(Collected data entries)
——

Lemma letter_norm_bound {G : Group} (N : G -> R) (gens : list G) :
  (forall g, N (ginv G g) = N g) ->
  exists s, 0 < s /\ forall a, is_letter G gens a -> N a < s.
Proof.
  intros HNinv.
  assert (Hlist : exists s, 0 < s /\ forall a, In a gens -> N a < s).
  { induction gens as [|b gens [s [Hs HS]]]; [exists 1; split; [lra|intros a []]|].
    exists (Rmax s (N b + 1)). split; [apply Rlt_le_trans with s; [lra|apply Rmax_l]|].
    intros a [->|Ha].
    - apply Rlt_le_trans with (N a + 1); [lra|apply Rmax_r].
    - apply Rlt_le_trans with s; [auto|apply Rmax_l]. }
  destruct Hlist as [s [Hs HS]]. exists s. split; [exact Hs|].
  intros a [Ha|Ha]; [auto|]. rewrite <- HNinv. auto.
Qed.

Section ProperWordMetric.
Context {G : Group} {d : G -> G -> R} {gens : list G}.
Hypothesis hd : proper_left_inv_metric G d.

Lemma word_ball_sub_Aset :
  exists s, 0 < s /\ forall x n, word_len_le G gens x n -> Aset d (gone G) s n x.
Proof.
  destruct hd as [N [[HN0 [HNinv _]] Hd]].
  destruct (letter_norm_bound N gens HNinv) as [s [Hs HS]].
  exists s. split; [exact Hs|]. intros x n Hx.
  apply (word_len_le_chain (gens := gens) Hd); auto. now apply HN0.
Qed.

Lemma Aset_sub_word_ball s :
  generates G gens -> exists K, forall g n h,
    Aset d g s n h -> word_len_le G gens (gmul G (ginv G g) h) (K * n).
Proof.
  intros gen. destruct hd as [N [[_ [_ [_ Hfin]]] Hd]].
  destruct (Hfin s) as [T HT].
  destruct (generates_word_len_bound T gen) as [K HK].
  exists K. intros g n h. apply (chain_word_len_le Hd). intros t Ht. apply HK, HT. lra.
Qed.

Context {beta : nat -> nat}.
Hypothesis hbeta : ball_count G gens beta.

Lemma ball_count_card_le n : card_le (fun x => word_len_le G gens x n) (beta n).
Proof.
  destruct (hbeta n) as [l [_ [Hlen Hl]]]. exists l. split; [lia|]. apply Hl.
Qed.

Lemma fun_preceq_ball_count {f : nat -> nat} : growth_at_most d f -> fun_preceq beta f.
Proof.
  intros hf. destruct word_ball_sub_Aset as [s [Hs Hball]].
  destruct (hf (gone G) s Hs) as [C [HC [N0 HN]]].
  exists C. split; [exact HC|]. exists N0. intros n Hn.
  destruct (hbeta n) as [l [Hnd [<- Hl]]].
  apply (card_le_NoDup (HN n Hn) Hnd). intros x Hx. apply Hball, Hl, Hx.
Qed.

Lemma growth_at_most_ball_count :
  generates G gens -> growth_at_most d beta.
Proof.
  intros gen g s Hs. destruct (Aset_sub_word_ball s gen) as [K HK].
  exists (S K). split; [lia|]. exists 0%nat. intros n _.
  apply card_le_mono with (2 := Nat.le_add_r _ _)
    (3 := card_le_image (gmul G g) (ball_count_card_le (S K * n))).
  intros h Hh. exists (gmul G (ginv G g) h). split; [|apply gmulKV].
  apply word_len_le_mono with (K * n)%nat; [nia|]. now apply HK.
Qed.

Lemma growth_type_ball_count :
  generates G gens -> growth_type d beta.
Proof.
  intros gen. split; [now apply growth_at_most_ball_count|].
  destruct word_ball_sub_Aset as [s [Hs Hball]].
  exists (gone G), s. split; [exact Hs|].
  exists 1%nat. split; [lia|]. exists 0%nat. intros n _.
  destruct (hbeta n) as [l [Hnd [Hlen Hl]]].
  exists l. repeat split; [exact Hnd| |lia].
  intros x Hx. rewrite Nat.mul_1_l. apply Hball, Hl, Hx.
Qed.

End ProperWordMetric.

Theorem mainTheorem8 (f : nat -> nat) (G : Group) (dG : G -> G -> R)
  (H : Group) (dH : H -> H -> R)
  (cG : countable G) (cH : countable H)
  (hG : proper_left_inv_metric G dG) (hH : proper_left_inv_metric H dH)
  (hf : growth_at_most dG f) :
  (forall A : G -> Prop, growth_at_most (sub_dist dG A) f) /\
  ((exists phi : H -> G, coarse_embedding dH dG phi) -> growth_at_most dH f) /\
  (forall S : list G, generates G S ->
     forall beta : nat -> nat, ball_count G S beta ->
       fun_preceq beta f /\ growth_type dG beta).
Proof.
  split; [|split].
  - intros A. now apply growth_at_most_sub_dist.
  - intros [phi Hphi].
    exact (growth_at_most_coarse_embedding (proper_left_inv_metric_dist_self hG) hH Hphi hf).
  - intros S gen beta hbeta. split.
    + exact (fun_preceq_ball_count hG hbeta hf).
    + exact (growth_type_ball_count hG hbeta gen).
Qed.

——

Please give the entries above again in full, exactly as written.

Lemma letter_norm_bound {G : Group} (N : G -> R) (gens : list G) :
  (forall g, N (ginv G g) = N g) ->
  exists s, 0 < s /\ forall a, is_letter G gens a -> N a < s.
Proof.
  intros HNinv.
  assert (Hlist : exists s, 0 < s /\ forall a, In a gens -> N a < s).
  { induction gens as [|b gens [s [Hs HS]]]; [exists 1; split; [lra|intros a []]|].
    exists (Rmax s (N b + 1)). split; [apply Rlt_le_trans with s; [lra|apply Rmax_l]|].
    intros a [->|Ha].
    - apply Rlt_le_trans with (N a + 1); [lra|apply Rmax_r].
    - apply Rlt_le_trans with s; [auto|apply Rmax_l]. }
  destruct Hlist as [s [Hs HS]]. exists s. split; [exact Hs|].
  intros a [Ha|Ha]; [auto|]. rewrite <- HNinv. auto.
Qed.

Section ProperWordMetric.
Context {G : Group} {d : G -> G -> R} {gens : list G}.
Hypothesis hd : proper_left_inv_metric G d.

Lemma word_ball_sub_Aset :
  exists s, 0 < s /\ forall x n, word_len_le G gens x n -> Aset d (gone G) s n x.
Proof.
  destruct hd as [N [[HN0 [HNinv _]] Hd]].
  destruct (letter_norm_bound N gens HNinv) as [s [Hs HS]].
  exists s. split; [exact Hs|]. intros x n Hx.
  apply (word_len_le_chain (gens := gens) Hd); auto. now apply HN0.
Qed.

Lemma Aset_sub_word_ball s :
  generates G gens -> exists K, forall g n h,
    Aset d g s n h -> word_len_le G gens (gmul G (ginv G g) h) (K * n).
Proof.
  intros gen. destruct hd as [N [[_ [_ [_ Hfin]]] Hd]].
  destruct (Hfin s) as [T HT].
  destruct (generates_word_len_bound T gen) as [K HK].
  exists K. intros g n h. apply (chain_word_len_le Hd). intros t Ht. apply HK, HT. lra.
Qed.

Context {beta : nat -> nat}.
Hypothesis hbeta : ball_count G gens beta.

Lemma ball_count_card_le n : card_le (fun x => word_len_le G gens x n) (beta n).
Proof.
  destruct (hbeta n) as [l [_ [Hlen Hl]]]. exists l. split; [lia|]. apply Hl.
Qed.

Lemma fun_preceq_ball_count {f : nat -> nat} : growth_at_most d f -> fun_preceq beta f.
Proof.
  intros hf. destruct word_ball_sub_Aset as [s [Hs Hball]].
  destruct (hf (gone G) s Hs) as [C [HC [N0 HN]]].
  exists C. split; [exact HC|]. exists N0. intros n Hn.
  destruct (hbeta n) as [l [Hnd [<- Hl]]].
  apply (card_le_NoDup (HN n Hn) Hnd). intros x Hx. apply Hball, Hl, Hx.
Qed.

Lemma growth_at_most_ball_count :
  generates G gens -> growth_at_most d beta.
Proof.
  intros gen g s Hs. destruct (Aset_sub_word_ball s gen) as [K HK].
  exists (S K). split; [lia|]. exists 0%nat. intros n _.
  apply card_le_mono with (2 := Nat.le_add_r _ _)
    (3 := card_le_image (gmul G g) (ball_count_card_le (S K * n))).
  intros h Hh. exists (gmul G (ginv G g) h). split; [|apply gmulKV].
  apply word_len_le_mono with (K * n)%nat; [nia|]. now apply HK.
Qed.

Lemma growth_type_ball_count :
  generates G gens -> growth_type d beta.
Proof.
  intros gen. split; [now apply growth_at_most_ball_count|].
  destruct word_ball_sub_Aset as [s [Hs Hball]].
  exists (gone G), s. split; [exact Hs|].
  exists 1%nat. split; [lia|]. exists 0%nat. intros n _.
  destruct (hbeta n) as [l [Hnd [Hlen Hl]]].
  exists l. repeat split; [exact Hnd| |lia].
  intros x Hx. rewrite Nat.mul_1_l. apply Hball, Hl, Hx.
Qed.

End ProperWordMetric.

Theorem mainTheorem8 (f : nat -> nat) (G : Group) (dG : G -> G -> R)
  (H : Group) (dH : H -> H -> R)
  (cG : countable G) (cH : countable H)
  (hG : proper_left_inv_metric G dG) (hH : proper_left_inv_metric H dH)
  (hf : growth_at_most dG f) :
  (forall A : G -> Prop, growth_at_most (sub_dist dG A) f) /\
  ((exists phi : H -> G, coarse_embedding dH dG phi) -> growth_at_most dH f) /\
  (forall S : list G, generates G S ->
     forall beta : nat -> nat, ball_count G S beta ->
       fun_preceq beta f /\ growth_type dG beta).
Proof.
  split; [|split].
  - intros A. now apply growth_at_most_sub_dist.
  - intros [phi Hphi].
    exact (growth_at_most_coarse_embedding (proper_left_inv_metric_dist_self hG) hH Hphi hf).
  - intros S gen beta hbeta. split.
    + exact (fun_preceq_ball_count hG hbeta hf).
    + exact (growth_type_ball_count hG hbeta gen).
Qed.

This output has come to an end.